## Saved data entries
========================================================================

(* Over any alphabet with at least $4$ letters, for every odd integer $\ell\ge3$ there exists a palindrome of length $\ell$ whose critical exponent is exactly $\tfrac32$.
   Context: A word $x=x[1..n]$ has period $q$ if $x[i]=x[i+q]$ for $1\le i\le n-q$. For integers $p>q\ge1$, $x$ is a $(p/q)$-power if it has length $p$ and period $q$. The exponent $\exp(w)$ of a finite nonempty word $w$ is the largest rational $p/q$ such that $w$ is a $(p/q)$-power. The critical exponent of $w$ is the maximum of $\exp(w')$ over all nonempty factors $w'$ of $w$. A palindrome is a word equal to its reversal. *)

From mathcomp Require Import all_boot all_order all_algebra.
Set Implicit Arguments. Unset Strict Implicit. Unset Printing Implicit Defensive.
Import Order.TTheory GRing.Theory Num.Theory.

Definition has_period (A : eqType) (x : seq A) (q : nat) : Prop :=
  forall (x0 : A) (i : nat), i + q < size x -> nth x0 x i = nth x0 x (i + q).

Definition is_power (A : eqType) (x : seq A) (p q : nat) : Prop :=
  (0 < q)%N /\ (q < p)%N /\ size x = p /\ has_period x q.

Definition factor (A : eqType) (u w : seq A) : Prop :=
  exists l r : seq A, w = l ++ u ++ r.

Definition is_exponent (A : eqType) (w : seq A) (r : rat) : Prop :=
  (exists p q, is_power w p q /\ r = (p%:R / q%:R)%R) /\
  (forall p q, is_power w p q -> (p%:R / q%:R <= r)%R).

Definition is_critical_exponent (A : eqType) (w : seq A) (r : rat) : Prop :=
  (exists u, factor u w /\ u != [::] /\ is_exponent u r) /\
  (forall u e, factor u w -> u != [::] -> is_exponent u e -> (e <= r)%R).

========================================================================

## The problem
Each line, beginning at the one that contains "exists l r : seq A, w = l ++ u ++ r." and continuing through the end of the records, must be written out exactly, first and last included.

## Problem solution
  exists l r : seq A, w = l ++ u ++ r.

Definition is_exponent (A : eqType) (w : seq A) (r : rat) : Prop :=
  (exists p q, is_power w p q /\ r = (p%:R / q%:R)%R) /\
  (forall p q, is_power w p q -> (p%:R / q%:R <= r)%R).

Definition is_critical_exponent (A : eqType) (w : seq A) (r : rat) : Prop :=
  (exists u, factor u w /\ u != [::] /\ is_exponent u r) /\
  (forall u e, factor u w -> u != [::] -> is_exponent u e -> (e <= r)%R).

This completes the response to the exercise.